(Collected data)
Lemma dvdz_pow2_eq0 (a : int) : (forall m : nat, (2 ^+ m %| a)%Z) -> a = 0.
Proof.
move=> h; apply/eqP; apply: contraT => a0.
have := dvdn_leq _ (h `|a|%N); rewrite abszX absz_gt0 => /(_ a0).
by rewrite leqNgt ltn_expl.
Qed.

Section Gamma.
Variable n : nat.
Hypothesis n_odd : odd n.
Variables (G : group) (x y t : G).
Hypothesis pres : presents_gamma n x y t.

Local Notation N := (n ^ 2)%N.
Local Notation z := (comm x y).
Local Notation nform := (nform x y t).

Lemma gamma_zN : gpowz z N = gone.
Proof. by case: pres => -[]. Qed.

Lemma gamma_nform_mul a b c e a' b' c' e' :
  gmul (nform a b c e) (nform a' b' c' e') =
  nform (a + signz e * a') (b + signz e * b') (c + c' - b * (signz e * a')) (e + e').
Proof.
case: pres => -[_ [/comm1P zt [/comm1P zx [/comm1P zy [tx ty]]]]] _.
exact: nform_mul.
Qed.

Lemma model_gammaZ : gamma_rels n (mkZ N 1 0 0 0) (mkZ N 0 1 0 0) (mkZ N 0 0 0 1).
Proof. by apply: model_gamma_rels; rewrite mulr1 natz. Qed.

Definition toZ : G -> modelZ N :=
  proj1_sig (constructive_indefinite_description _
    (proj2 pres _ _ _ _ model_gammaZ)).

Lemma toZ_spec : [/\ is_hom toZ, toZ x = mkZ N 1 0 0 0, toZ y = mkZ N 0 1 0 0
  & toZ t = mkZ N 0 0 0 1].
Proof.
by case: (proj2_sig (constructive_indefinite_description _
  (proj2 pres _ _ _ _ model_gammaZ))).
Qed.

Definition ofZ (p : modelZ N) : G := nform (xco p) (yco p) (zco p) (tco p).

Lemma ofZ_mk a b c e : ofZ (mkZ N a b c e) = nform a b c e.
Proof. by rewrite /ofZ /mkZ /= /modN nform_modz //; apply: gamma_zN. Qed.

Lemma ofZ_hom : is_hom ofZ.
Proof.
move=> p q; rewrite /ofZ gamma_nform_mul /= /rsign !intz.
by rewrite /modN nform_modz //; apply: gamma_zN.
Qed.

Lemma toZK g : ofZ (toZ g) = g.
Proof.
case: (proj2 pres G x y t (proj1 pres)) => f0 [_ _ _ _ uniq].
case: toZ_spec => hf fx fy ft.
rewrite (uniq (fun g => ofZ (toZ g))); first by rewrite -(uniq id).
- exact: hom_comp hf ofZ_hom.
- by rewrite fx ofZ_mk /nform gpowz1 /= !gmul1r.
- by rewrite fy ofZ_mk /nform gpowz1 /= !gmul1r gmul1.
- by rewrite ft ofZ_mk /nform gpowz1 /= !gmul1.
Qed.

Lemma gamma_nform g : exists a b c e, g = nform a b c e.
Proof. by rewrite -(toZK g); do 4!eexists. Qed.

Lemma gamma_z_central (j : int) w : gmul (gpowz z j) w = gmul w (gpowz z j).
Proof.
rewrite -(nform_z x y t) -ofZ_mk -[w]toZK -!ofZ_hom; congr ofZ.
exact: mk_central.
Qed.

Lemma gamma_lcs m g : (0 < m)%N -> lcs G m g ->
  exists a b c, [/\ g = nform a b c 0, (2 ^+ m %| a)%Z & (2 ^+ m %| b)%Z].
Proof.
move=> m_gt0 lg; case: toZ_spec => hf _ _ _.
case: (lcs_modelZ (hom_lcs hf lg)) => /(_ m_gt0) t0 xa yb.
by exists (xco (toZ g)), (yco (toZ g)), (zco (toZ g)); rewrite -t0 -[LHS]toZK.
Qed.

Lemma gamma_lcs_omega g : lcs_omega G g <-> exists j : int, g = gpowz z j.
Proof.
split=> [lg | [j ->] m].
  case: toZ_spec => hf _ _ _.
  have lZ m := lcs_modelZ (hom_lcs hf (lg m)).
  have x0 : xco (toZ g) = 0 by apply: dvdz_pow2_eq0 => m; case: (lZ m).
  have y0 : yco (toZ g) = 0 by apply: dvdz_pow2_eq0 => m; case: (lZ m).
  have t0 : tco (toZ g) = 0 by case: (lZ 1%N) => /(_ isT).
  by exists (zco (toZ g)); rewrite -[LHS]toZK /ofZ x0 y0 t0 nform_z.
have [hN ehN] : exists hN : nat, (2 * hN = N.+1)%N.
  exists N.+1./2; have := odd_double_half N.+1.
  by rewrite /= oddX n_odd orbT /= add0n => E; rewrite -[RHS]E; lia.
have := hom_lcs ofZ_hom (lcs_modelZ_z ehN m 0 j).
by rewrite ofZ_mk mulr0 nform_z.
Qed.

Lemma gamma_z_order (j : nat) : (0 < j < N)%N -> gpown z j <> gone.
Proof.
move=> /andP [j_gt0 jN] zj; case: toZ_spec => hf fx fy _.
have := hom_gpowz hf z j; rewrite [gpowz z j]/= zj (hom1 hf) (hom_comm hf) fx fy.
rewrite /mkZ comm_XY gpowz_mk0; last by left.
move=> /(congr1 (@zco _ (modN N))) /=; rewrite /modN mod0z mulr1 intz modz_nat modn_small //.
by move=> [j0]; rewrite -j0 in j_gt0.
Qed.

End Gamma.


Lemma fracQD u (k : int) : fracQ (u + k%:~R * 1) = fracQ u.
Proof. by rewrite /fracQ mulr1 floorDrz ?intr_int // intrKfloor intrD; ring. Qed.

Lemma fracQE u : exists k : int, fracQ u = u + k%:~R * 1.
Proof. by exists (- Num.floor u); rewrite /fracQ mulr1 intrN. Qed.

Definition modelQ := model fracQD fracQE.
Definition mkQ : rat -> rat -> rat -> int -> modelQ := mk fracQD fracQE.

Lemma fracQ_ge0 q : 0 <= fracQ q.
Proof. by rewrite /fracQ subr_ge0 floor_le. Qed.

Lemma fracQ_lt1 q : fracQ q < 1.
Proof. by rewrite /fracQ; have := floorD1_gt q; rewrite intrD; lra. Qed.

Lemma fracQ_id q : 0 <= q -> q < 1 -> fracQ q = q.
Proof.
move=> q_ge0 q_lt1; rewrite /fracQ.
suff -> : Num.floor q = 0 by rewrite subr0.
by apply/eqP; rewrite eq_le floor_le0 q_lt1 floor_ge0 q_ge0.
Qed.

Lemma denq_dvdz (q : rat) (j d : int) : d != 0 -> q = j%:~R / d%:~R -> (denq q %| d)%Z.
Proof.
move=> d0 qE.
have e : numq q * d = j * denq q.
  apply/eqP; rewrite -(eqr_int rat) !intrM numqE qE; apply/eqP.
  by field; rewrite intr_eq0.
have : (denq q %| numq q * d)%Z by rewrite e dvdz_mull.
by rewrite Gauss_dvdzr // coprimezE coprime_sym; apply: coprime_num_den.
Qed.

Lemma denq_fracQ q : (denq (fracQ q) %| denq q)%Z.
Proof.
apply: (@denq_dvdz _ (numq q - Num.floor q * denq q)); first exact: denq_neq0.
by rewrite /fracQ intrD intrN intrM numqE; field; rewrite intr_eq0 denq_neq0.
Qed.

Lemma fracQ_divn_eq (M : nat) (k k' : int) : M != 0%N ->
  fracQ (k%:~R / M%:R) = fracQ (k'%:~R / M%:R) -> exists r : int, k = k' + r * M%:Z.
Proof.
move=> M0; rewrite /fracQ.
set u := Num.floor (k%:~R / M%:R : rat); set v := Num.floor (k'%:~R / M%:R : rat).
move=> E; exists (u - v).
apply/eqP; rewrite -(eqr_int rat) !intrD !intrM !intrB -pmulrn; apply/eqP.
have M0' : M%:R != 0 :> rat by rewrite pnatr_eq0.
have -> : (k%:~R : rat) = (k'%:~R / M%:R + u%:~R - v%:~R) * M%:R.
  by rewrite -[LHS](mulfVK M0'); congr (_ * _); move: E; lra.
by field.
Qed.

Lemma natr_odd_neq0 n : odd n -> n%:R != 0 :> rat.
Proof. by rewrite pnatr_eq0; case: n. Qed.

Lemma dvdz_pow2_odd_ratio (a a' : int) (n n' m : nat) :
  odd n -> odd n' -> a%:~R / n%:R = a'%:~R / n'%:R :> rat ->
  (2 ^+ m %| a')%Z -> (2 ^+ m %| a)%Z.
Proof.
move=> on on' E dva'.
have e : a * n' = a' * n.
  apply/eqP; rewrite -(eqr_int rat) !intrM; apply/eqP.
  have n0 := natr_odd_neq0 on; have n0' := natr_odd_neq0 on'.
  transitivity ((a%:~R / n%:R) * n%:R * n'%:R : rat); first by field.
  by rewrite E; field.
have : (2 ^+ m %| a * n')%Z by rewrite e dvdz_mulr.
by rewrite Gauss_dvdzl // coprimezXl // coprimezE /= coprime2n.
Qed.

--

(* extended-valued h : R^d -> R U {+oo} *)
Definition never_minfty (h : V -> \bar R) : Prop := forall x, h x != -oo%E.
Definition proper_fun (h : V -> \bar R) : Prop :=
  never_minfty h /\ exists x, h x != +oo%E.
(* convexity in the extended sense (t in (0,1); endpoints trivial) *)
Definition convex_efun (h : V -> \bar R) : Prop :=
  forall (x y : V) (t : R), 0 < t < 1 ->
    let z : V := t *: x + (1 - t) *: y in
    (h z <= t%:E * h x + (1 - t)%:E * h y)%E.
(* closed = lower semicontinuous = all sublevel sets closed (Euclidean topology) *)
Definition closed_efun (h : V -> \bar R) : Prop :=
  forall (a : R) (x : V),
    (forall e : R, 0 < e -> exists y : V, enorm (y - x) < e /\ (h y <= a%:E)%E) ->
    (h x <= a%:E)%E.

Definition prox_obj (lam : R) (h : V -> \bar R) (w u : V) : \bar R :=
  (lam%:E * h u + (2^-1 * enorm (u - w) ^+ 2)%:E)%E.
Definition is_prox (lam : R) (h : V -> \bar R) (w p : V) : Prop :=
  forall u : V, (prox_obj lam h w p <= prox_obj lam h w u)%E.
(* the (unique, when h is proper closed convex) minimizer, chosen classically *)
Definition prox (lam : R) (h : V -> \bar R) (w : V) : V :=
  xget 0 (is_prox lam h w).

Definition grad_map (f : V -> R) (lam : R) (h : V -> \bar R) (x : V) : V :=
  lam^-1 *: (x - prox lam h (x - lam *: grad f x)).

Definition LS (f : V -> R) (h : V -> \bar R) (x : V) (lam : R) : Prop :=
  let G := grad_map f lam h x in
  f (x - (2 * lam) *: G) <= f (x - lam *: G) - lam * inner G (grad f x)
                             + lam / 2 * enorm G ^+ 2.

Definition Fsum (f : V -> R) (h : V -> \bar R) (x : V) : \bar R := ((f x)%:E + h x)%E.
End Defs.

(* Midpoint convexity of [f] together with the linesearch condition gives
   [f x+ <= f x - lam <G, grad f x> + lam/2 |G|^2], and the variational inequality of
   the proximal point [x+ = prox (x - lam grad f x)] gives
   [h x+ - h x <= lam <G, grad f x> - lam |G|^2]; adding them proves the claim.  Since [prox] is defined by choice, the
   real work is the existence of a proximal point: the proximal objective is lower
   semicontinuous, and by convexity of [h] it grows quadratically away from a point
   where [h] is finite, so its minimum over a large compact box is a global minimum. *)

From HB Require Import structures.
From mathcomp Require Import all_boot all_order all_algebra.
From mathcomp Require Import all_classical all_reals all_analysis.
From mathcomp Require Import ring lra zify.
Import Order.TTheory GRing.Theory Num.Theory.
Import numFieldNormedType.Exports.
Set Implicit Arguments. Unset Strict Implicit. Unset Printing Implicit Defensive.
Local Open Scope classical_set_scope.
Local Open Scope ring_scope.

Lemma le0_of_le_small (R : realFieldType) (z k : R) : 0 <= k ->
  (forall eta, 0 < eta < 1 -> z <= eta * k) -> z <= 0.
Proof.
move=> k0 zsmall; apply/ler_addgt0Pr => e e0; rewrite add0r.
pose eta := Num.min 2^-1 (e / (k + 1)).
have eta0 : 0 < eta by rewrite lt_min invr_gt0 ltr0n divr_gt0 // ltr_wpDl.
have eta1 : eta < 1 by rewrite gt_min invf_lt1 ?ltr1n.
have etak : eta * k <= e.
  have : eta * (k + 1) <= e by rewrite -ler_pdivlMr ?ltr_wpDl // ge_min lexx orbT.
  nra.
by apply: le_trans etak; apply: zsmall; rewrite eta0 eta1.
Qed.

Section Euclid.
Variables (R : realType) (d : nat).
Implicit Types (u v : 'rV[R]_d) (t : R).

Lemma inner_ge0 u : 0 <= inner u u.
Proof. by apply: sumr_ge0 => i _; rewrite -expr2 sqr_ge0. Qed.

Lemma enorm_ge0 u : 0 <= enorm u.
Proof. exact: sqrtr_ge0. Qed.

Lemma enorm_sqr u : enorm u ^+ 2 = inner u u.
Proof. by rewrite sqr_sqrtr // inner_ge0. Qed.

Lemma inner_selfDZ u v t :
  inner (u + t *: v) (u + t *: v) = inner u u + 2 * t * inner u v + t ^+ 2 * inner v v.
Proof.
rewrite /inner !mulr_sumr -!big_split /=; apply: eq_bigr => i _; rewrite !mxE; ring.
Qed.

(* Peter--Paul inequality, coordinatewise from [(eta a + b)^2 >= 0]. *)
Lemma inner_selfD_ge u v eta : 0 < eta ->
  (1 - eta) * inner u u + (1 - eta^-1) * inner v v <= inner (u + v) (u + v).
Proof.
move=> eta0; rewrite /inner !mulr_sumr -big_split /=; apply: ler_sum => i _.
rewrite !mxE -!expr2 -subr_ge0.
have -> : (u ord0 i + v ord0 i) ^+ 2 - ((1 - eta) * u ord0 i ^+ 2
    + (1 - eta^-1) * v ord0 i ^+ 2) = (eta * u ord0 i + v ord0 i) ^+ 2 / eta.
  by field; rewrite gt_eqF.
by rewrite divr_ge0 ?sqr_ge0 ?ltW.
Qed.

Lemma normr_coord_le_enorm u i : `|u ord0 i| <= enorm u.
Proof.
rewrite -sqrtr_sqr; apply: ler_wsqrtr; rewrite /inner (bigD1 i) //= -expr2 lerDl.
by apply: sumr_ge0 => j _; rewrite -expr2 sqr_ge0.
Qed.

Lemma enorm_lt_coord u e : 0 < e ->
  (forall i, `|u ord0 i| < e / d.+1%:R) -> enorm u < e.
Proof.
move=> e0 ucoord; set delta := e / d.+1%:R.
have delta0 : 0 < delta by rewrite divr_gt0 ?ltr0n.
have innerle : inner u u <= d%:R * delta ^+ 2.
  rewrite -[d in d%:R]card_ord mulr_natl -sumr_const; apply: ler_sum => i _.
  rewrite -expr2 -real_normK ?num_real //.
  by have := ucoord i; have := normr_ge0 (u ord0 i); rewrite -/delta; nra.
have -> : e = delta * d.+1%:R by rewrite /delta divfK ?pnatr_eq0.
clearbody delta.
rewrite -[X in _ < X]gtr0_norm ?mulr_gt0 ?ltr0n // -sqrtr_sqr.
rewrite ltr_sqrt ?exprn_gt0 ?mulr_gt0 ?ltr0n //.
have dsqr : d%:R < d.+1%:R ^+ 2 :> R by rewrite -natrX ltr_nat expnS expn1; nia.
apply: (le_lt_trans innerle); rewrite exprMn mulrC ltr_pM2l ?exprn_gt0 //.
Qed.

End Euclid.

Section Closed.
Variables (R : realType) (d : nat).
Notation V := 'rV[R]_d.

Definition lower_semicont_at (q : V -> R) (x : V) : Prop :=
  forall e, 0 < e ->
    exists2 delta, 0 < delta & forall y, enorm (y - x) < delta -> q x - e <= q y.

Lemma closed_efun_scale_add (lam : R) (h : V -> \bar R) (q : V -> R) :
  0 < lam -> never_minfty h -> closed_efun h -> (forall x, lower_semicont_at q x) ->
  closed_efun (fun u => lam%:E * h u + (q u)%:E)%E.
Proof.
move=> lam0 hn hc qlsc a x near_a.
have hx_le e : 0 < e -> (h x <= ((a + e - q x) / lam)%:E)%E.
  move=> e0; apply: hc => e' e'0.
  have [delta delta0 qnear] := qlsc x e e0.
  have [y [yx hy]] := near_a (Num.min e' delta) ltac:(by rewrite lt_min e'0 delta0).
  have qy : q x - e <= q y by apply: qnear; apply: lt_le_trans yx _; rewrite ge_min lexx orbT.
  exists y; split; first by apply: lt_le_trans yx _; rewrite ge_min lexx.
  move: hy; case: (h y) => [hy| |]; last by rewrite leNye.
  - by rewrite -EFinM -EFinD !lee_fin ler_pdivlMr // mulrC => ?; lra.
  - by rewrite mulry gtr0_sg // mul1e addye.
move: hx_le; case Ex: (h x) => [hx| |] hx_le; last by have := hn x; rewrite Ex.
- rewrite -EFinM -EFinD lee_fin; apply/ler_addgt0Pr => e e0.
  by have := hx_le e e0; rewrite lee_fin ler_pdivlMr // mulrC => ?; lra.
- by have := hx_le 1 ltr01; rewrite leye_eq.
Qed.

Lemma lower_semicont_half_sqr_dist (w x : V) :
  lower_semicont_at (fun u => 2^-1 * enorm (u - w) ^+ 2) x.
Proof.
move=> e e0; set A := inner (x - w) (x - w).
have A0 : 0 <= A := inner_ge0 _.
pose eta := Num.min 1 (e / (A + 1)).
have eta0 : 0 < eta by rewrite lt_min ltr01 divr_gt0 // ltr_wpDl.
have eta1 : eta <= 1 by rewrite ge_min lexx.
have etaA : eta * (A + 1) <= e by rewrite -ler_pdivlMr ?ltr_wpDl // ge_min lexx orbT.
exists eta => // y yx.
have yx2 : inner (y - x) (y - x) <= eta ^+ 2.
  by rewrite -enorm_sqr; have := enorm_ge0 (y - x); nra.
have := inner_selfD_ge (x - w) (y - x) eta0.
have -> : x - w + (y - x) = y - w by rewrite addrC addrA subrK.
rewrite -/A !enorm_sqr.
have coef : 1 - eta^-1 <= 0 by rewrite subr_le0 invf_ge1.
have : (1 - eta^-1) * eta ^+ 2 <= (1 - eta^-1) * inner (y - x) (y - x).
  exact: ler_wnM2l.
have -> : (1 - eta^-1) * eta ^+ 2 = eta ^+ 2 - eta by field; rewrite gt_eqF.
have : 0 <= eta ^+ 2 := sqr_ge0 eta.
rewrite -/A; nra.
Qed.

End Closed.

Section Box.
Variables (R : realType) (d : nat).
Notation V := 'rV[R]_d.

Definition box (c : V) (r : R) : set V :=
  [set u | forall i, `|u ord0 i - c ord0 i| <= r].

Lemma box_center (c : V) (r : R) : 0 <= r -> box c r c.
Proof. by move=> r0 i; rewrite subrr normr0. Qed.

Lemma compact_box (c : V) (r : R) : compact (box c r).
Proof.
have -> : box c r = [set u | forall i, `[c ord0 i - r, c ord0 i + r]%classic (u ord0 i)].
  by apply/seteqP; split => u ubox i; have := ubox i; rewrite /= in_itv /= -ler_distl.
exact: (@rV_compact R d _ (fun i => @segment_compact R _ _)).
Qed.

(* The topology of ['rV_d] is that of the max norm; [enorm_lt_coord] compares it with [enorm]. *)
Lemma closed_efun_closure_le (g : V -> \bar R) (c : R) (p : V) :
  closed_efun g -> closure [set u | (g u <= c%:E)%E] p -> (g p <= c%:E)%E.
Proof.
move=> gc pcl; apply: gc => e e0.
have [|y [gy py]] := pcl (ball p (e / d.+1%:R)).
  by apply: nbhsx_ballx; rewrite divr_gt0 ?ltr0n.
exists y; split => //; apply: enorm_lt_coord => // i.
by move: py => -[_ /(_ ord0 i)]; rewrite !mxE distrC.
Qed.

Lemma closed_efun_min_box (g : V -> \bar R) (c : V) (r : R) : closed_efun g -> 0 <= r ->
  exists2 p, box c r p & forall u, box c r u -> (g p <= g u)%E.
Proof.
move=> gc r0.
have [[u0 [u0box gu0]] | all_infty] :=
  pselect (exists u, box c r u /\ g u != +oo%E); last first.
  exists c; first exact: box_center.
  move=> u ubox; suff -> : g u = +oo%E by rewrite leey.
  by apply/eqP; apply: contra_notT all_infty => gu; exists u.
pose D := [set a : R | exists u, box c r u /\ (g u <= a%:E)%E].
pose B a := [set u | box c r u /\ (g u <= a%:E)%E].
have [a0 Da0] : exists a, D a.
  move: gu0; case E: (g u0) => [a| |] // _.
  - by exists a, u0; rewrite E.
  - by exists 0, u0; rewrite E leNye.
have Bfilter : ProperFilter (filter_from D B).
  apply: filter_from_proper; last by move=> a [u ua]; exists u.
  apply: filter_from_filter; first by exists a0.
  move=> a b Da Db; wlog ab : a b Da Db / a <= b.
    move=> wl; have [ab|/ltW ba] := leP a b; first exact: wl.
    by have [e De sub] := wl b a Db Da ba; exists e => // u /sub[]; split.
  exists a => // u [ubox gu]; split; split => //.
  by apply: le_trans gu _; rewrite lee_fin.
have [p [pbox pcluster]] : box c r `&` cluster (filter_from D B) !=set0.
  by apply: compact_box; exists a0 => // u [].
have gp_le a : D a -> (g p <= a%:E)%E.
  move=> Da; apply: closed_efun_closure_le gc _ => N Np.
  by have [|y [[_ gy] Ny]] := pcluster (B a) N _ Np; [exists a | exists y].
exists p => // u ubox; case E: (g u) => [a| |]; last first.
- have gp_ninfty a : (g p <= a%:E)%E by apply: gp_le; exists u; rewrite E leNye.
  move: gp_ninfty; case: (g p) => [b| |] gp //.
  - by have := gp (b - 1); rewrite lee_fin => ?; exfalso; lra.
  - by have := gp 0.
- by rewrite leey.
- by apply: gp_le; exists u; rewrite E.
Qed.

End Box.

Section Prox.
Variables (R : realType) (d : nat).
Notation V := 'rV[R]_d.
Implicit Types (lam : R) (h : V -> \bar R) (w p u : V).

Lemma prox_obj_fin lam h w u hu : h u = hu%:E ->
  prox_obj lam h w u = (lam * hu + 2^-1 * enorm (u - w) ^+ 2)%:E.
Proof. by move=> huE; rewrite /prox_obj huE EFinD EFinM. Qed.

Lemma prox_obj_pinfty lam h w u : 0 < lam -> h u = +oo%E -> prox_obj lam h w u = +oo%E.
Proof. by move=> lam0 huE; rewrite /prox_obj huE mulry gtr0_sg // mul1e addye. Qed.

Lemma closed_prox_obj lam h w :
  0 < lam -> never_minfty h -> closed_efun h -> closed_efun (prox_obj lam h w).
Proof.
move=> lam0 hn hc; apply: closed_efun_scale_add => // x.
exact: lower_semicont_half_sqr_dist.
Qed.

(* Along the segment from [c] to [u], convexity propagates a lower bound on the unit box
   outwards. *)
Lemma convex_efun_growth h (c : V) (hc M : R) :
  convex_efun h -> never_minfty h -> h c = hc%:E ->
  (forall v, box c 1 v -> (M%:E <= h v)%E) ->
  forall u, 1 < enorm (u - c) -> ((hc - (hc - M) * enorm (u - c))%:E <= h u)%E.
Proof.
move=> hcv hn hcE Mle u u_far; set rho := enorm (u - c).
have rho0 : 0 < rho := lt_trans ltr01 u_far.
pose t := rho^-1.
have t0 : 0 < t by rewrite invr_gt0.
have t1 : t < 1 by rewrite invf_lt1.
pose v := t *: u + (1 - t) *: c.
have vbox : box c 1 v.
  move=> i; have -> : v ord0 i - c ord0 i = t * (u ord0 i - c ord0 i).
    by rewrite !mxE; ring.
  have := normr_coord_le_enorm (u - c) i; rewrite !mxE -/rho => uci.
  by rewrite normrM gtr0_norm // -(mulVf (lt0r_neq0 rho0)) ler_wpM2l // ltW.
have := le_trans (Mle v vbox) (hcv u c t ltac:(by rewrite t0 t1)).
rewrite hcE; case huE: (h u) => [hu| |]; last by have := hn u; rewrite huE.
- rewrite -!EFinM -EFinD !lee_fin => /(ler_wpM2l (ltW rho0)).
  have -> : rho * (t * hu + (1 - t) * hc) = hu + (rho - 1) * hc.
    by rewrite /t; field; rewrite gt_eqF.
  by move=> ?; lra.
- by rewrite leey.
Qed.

- Your task
Tally up the lines in the records that contain the word "suff" and give only the total.

- The answer
2